> _DATA TO EXAMINE_

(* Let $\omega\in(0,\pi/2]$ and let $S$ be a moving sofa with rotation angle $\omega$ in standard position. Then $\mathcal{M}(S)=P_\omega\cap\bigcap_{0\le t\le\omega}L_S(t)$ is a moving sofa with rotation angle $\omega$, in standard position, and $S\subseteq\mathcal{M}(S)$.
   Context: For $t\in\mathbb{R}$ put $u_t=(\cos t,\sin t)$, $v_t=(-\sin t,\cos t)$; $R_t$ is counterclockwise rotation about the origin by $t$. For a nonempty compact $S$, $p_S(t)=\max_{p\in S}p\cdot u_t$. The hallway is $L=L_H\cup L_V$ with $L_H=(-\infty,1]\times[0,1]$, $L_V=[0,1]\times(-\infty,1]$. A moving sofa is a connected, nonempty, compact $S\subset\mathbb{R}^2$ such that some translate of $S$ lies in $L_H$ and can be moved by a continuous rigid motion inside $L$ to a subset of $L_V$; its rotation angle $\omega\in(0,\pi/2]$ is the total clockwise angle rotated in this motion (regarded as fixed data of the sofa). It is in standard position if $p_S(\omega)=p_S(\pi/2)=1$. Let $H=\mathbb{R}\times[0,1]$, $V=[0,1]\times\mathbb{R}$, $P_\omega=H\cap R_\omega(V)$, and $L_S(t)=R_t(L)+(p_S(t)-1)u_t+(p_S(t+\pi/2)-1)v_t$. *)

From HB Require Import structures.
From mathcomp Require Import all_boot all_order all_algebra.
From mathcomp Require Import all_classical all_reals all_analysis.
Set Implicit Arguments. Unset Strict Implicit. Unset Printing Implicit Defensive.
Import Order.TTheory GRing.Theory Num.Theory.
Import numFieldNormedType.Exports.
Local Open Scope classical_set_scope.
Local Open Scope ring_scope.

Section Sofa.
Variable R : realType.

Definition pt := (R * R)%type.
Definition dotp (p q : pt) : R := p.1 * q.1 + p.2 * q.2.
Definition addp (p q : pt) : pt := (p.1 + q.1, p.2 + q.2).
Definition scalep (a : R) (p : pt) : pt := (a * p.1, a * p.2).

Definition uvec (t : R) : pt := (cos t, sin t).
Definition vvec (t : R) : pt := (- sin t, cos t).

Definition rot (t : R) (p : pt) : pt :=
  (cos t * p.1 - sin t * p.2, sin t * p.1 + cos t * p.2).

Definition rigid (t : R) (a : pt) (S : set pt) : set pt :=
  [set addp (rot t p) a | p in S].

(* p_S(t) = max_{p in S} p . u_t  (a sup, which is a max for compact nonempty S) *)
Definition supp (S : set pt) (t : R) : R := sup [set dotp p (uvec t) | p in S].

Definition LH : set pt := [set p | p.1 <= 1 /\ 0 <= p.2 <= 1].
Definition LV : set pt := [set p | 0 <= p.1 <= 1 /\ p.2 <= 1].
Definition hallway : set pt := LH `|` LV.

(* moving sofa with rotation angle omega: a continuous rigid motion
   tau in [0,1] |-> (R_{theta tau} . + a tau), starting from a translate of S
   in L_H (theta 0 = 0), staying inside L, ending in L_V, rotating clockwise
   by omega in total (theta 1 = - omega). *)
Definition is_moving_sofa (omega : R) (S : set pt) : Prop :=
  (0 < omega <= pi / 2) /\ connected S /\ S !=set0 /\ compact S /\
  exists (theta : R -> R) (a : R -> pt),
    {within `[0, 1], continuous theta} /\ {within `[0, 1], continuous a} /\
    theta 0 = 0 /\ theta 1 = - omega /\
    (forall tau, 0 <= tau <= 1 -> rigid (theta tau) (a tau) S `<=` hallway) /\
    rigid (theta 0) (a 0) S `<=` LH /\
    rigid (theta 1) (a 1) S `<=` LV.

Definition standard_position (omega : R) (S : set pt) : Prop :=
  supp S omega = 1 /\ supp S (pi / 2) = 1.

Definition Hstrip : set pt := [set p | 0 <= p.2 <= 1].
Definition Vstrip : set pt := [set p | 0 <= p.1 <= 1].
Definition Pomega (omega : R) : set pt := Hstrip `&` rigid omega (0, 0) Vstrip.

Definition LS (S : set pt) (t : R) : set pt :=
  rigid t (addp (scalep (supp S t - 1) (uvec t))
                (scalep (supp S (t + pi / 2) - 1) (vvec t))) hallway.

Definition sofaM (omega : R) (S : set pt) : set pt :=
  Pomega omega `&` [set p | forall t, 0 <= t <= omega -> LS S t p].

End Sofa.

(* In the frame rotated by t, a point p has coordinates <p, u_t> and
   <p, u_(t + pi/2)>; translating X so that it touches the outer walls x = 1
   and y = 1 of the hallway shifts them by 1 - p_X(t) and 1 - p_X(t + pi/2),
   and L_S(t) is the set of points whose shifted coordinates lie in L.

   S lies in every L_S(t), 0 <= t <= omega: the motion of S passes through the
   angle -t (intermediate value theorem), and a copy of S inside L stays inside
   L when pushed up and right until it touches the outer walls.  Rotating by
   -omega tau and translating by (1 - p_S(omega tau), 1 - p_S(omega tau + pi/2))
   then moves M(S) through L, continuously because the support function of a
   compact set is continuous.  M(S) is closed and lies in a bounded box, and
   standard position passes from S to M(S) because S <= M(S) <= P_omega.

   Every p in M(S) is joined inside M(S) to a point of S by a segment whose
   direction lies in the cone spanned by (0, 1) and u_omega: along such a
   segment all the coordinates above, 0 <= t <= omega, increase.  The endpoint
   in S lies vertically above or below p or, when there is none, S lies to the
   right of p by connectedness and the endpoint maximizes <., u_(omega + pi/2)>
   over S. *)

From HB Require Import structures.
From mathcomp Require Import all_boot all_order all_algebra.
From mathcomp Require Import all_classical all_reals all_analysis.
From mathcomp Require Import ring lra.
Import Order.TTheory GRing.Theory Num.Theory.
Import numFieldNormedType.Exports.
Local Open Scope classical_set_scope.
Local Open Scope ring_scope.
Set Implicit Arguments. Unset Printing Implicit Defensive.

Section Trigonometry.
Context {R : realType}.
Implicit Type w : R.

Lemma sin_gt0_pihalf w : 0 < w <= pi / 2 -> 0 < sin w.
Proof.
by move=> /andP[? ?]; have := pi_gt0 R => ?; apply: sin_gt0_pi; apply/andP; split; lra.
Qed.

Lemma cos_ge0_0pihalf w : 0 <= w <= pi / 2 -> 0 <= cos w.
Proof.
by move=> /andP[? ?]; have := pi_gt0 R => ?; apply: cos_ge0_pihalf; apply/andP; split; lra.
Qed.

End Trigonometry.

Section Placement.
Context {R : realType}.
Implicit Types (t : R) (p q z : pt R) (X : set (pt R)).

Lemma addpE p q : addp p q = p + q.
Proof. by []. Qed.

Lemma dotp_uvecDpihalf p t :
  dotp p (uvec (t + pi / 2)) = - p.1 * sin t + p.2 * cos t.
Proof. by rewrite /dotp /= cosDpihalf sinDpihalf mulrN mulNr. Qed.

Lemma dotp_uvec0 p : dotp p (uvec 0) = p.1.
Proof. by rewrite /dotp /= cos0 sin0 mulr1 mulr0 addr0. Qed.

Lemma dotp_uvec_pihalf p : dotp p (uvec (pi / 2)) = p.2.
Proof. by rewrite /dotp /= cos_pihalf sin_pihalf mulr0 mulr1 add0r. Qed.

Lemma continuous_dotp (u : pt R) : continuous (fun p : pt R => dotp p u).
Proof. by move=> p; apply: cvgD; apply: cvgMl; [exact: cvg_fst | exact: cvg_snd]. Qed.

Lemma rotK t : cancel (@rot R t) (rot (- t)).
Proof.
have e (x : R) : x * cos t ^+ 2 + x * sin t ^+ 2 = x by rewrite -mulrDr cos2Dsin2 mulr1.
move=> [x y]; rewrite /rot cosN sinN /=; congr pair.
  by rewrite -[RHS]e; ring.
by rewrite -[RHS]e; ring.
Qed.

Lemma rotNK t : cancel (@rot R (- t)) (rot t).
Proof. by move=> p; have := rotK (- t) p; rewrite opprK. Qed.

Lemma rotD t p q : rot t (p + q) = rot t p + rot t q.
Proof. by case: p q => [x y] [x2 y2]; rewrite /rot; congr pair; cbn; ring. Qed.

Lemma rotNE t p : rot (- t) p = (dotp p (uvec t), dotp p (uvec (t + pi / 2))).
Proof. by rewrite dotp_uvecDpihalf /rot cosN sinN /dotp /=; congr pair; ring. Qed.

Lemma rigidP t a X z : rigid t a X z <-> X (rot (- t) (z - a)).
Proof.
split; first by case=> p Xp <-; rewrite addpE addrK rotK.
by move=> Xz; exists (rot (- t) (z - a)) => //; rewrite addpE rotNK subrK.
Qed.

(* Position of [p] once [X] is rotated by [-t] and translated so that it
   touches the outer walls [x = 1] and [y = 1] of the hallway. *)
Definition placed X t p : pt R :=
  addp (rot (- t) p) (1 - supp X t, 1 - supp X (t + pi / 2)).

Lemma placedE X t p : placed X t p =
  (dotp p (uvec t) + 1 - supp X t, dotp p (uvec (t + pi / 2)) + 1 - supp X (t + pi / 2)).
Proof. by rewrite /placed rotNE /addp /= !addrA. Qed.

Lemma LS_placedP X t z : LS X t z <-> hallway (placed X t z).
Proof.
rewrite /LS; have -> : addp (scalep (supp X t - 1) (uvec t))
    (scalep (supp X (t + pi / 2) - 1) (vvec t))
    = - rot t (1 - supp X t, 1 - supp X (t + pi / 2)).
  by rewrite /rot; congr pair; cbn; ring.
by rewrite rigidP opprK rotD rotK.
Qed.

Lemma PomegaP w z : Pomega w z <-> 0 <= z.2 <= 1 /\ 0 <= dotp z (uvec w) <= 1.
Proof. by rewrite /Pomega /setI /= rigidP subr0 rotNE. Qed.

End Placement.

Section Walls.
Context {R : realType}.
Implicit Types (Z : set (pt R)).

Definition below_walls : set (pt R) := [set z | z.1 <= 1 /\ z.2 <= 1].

> _WHAT IS BEING ASKED_
For every line of the listing above that contains "opprK", add one, and report the final tally with no other words.

> _TASK SOLUTION_
2